Unraveling Cas9’s Nuclease Domains: A Strand-Specific Cleavage Mechanism
Cas9 contains domains homologous to both HNH and RuvC endonucleases (Fig. 2A, fig. S7) (21–23, 27, 28). Cas9 variants with inactivating point mutations in the catalytic residues of either the HNH or RuvC-like domains were designed and purified (Fig. 2A and fig. S7) (23, 27). Incubation of these variant Cas9 proteins with native plasmid DNA showed that dual-RNA-guided mutant Cas9 proteins produced nicked open circular plasmids, while the wild-type Cas9 protein-tracrRNA:crRNA complex produced a linear DNA product (Fig. 1A, 2A and fig.
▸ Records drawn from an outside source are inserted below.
Lemma cmod_sum (I : Type) (s : seq I) (F : I -> C) :
  cmod (\sum_(i <- s) F i) <= \sum_(i <- s) cmod (F i).
Proof.
rewrite -lecR rmorph_sum /= -cmodE.
apply: le_trans (ler_norm_sum _ _ _) (ler_sum _ _) => i _.
by rewrite cmodE.
Qed.

Lemma ReJ z : complex.Re z^* = complex.Re z.
Proof. by case: z. Qed.

Lemma Re_realM (t : R) z : complex.Re (t%:C * z) = t * complex.Re z.
Proof. by case: z => a b /=; rewrite mul0r subr0. Qed.

Lemma ReB_le_cmod z w : complex.Re z - complex.Re w <= cmod (z - w).
Proof.
rewrite -raddfB /=; apply: le_trans (ler_norm _) _.
by rewrite -lecR -cmodE normc_ge_Re.
Qed.

Lemma conj_eq_of_real_sum_diff (u v : C) :
  (u + v)^* = u + v -> ('i * (u - v))^* = 'i * (u - v) -> v = u^*.
Proof.
rewrite rmorphD rmorphM rmorphB /= conjCi => sum_real diff_real.
have : 'i * (v^* - u^*) = 'i * (u - v) by rewrite -diff_real; ring.
move/(mulfI (neq0Ci C)) => diff_eq.
have : 2 * v^* = 2 * u.
  have -> : 2 * v^* = (u^* + v^*) + (v^* - u^*) by ring.
  by rewrite sum_real diff_eq; ring.
have two_neq0 : (2 : C) != 0 by rewrite pnatr_eq0.
by move/(mulfI two_neq0) => <-; rewrite conjCK.
Qed.

End ComplexModulus.

Lemma le_sqrtM_of_quadratic_ge0 (R : rcfType) (A B c : R) : 0 <= A -> 0 <= B ->
  (forall t, 0 <= A - 2 * t * c + t ^+ 2 * B) -> c <= Num.sqrt A * Num.sqrt B.
Proof.
move=> A_ge0 B_ge0 quad_ge0.
have [c_le0|c_gt0] := lerP c 0.
  by apply: le_trans c_le0 _; rewrite mulr_ge0 ?sqrtr_ge0.
rewrite -sqrtrM // -(ger0_norm (ltW c_gt0)) -sqrtr_sqr ler_sqrt ?mulr_ge0 //.
have [B0|B_neq0] := eqVneq B 0.
  have := quad_ge0 ((A + 1) / (2 * c)); rewrite B0 !mulr0 addr0.
  have -> : 2 * ((A + 1) / (2 * c)) * c = A + 1 by field; rewrite gt_eqF.
  lra.
have B_gt0 : 0 < B by rewrite lt_def B_neq0.
have := quad_ge0 (c / B).
have -> : A - 2 * (c / B) * c + (c / B) ^+ 2 * B = (A * B - c ^+ 2) / B by field.
by rewrite pmulr_lge0 ?invr_gt0 // subr_ge0.
Qed.

Section MatrixSquareRoot.
Variable R : realType.
Local Notation C := R[i].

Lemma adjmxM m n p (M : 'M[C]_(m, n)) (N : 'M[C]_(n, p)) :
  adjmx (M *m N) = adjmx N *m adjmx M.
Proof. by rewrite /adjmx trmx_mul map_mxM. Qed.

Lemma adjmxK m n (M : 'M[C]_(m, n)) : adjmx (adjmx M) = M.
Proof. exact: trmxCK. Qed.

Lemma adjmx_inv n (M : 'M[C]_n) : adjmx (invmx M) = invmx (adjmx M).
Proof. by rewrite /adjmx trmx_inv map_invmx. Qed.

Lemma psd_mx_conj m n (P : 'M[C]_(m, n)) (D : 'M[C]_m) :
  psd_mx D -> psd_mx (adjmx P *m D *m P).
Proof.
case=> D_herm D_ge0; split; first by rewrite !adjmxM adjmxK -D_herm mulmxA.
move=> v; have -> : adjmx v *m (adjmx P *m D *m P) *m v =
                    adjmx (P *m v) *m D *m (P *m v) by rewrite adjmxM !mulmxA.
exact: D_ge0.
Qed.

Lemma psd_mx_diag n (d : 'rV[C]_n) : (forall i, 0 <= d 0 i) -> psd_mx (diag_mx d).
Proof.
move=> d_ge0; split.
  rewrite /adjmx tr_diag_mx map_diag_mx; congr diag_mx; apply/rowP => i.
  by rewrite !mxE /= conj_Creal // ger0_real.
move=> w; rewrite mul_mx_diag !mxE; apply: sumr_ge0 => j _; rewrite !mxE.
by rewrite mulrAC -normCKC mulr_ge0 // exprn_ge0.
Qed.

Lemma psd_mx_diag_ge0 n (A : 'M[C]_n) i : psd_mx A -> 0 <= A i i.
Proof.
case=> _ /(_ (delta_mx i 0)).
by rewrite /adjmx trmx_delta map_delta_mx -rowE -colE !mxE.
Qed.

Lemma psd_mx_sqrt n (M : 'M[C]_n) : psd_mx M -> exists S, psd_mx S /\ S *m S = M.
Proof.
move=> M_psd; have [M_herm _] := M_psd.
have /orthomx_spectralP : M \is normalmx.
  by apply/normalmxP; change (M *m adjmx M = adjmx M *m M); rewrite -M_herm.
set P := spectralmx M; set d := spectral_diag M.
have P_unitary : P \is unitarymx := spectral_unitarymx M.
have PPadj : P *m adjmx P = 1%:M := unitarymxP P_unitary.
rewrite invmx_unitary // -/(adjmx P) => M_eq.
have d_ge0 i : 0 <= d 0 i.
  have : diag_mx d = adjmx (adjmx P) *m M *m adjmx P.
    by rewrite adjmxK M_eq !mulmxA PPadj mul1mx -mulmxA PPadj mulmx1.
  move/(congr1 (fun A : 'M[C]_n => A i i)); rewrite mxE eqxx mulr1n => ->.
  exact/psd_mx_diag_ge0/psd_mx_conj.
pose s := \row_i sqrtC (d 0 i).
exists (adjmx P *m diag_mx s *m P); split.
  by apply/psd_mx_conj/psd_mx_diag => i; rewrite mxE sqrtC_ge0.
have ss : diag_mx s *m diag_mx s = diag_mx d.
  by rewrite mulmx_diag; congr diag_mx; apply/rowP => i; rewrite !mxE -expr2 sqrtCK.
by rewrite M_eq -ss !mulmxA -(mulmxA _ P) PPadj mulmx1.
Qed.

Lemma l2norm2E n (v : 'cV[C]_n) : l2norm2 v = complex.Re ((adjmx v *m v) 0 0).
Proof. by rewrite /l2norm2 mxE raddf_sum; apply: eq_bigr => i _; rewrite !mxE. Qed.

Lemma l2norm2_inv_sqrt_mx n (M : 'M[C]_n) (v : 'cV[C]_n) : psd_mx (invmx M) ->
  l2norm2 (inv_sqrt_mx M *m v) = complex.Re ((adjmx v *m invmx M *m v) 0 0).
Proof.
move=> /psd_mx_sqrt/(xgetPex 0); rewrite -/(inv_sqrt_mx M).
case; case=> S_herm _ SS; rewrite l2norm2E adjmxM -S_herm.
by rewrite !mulmxA -(mulmxA _ (inv_sqrt_mx M) (inv_sqrt_mx M)) SS.
Qed.

End MatrixSquareRoot.

Fixpoint cumul (T : Type) (f : nat -> seq T) (k : nat) : seq T :=
  if k is k'.+1 then f k ++ cumul f k' else f 0.

Lemma mem_cumul (T : eqType) (f : nat -> seq T) k : {subset f k <= cumul f k}.
Proof. by case: k => [|k] x //= xf; rewrite mem_cat xf. Qed.

Lemma cumul_subset (T : eqType) (f : nat -> seq T) k l :
  (k <= l)%N -> {subset cumul f k <= cumul f l}.
Proof.
move=> kl x; elim: l kl => [|l IH]; first by rewrite leqn0 => /eqP ->.
rewrite leq_eqVlt ltnS => /predU1P [-> //|kl] x_k /=.
by rewrite mem_cat IH ?orbT.
Qed.

Lemma eventuallyP (P : nat -> Prop) :
  (\forall n \near \oo, P n) <-> exists N, forall n, (N <= n)%N -> P n.
Proof. by split=> [[N _ NP]|[N NP]]; exists N => // n /NP. Qed.

Section RKHS.
Variables (R : realType) (X : eqType) (K : X -> X -> R[i]).
Local Notation C := R[i].
Local Notation L := (seq (X * C)%type).
Implicit Types (p q r : L) (h : X -> C) (xs ys : seq X) (u : nat -> L).

Definition kip p q : C := \sum_(a <- p) \sum_(b <- q) a.2^* * b.2 * K a.1 b.1.
Definition kpair p h : C := \sum_(a <- p) a.2^* * h a.1.
Definition kopp p : L := [seq (a.1, - a.2) | a <- p].
Definition kscale c p : L := [seq (a.1, c * a.2) | a <- p].

Lemma kformE p : kform K p = kip p p.
Proof. by []. Qed.

Lemma knorm2_kip p : knorm2 K p = complex.Re (kip p p).
Proof. by []. Qed.

Lemma kdiffE p q : kdiff p q = p ++ kopp q.
Proof. by []. Qed.

Lemma kipE p q : kip p q = kpair p (kfun K q).
Proof.
by apply: eq_bigr => a _; rewrite /kfun mulr_sumr; apply: eq_bigr => b _; rewrite mulrA.
Qed.

Lemma kip_catl p1 p2 q : kip (p1 ++ p2) q = kip p1 q + kip p2 q.
Proof. exact: big_cat. Qed.

Lemma kip_catr p q1 q2 : kip p (q1 ++ q2) = kip p q1 + kip p q2.
Proof. by rewrite /kip -big_split; apply: eq_bigr => a _; rewrite big_cat. Qed.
S3A, S8A). This indicates that the Cas9 HNH and RuvC-like domains each cleave one plasmid DNA strand. To determine which strand of the target DNA is cleaved by each Cas9 catalytic domain, the mutant Cas9-tracrRNA:crRNA complexes were incubated with short dsDNA substrates where either the complementary or non-complementary strand was radiolabeled at its 5’ end. The resulting cleavage products indicated that the Cas9 HNH domain cleaves the complementary DNA strand, while the Cas9 RuvC-like domain cleaves the non-complementary DNA strand (Fig. 2B and fig. S8B).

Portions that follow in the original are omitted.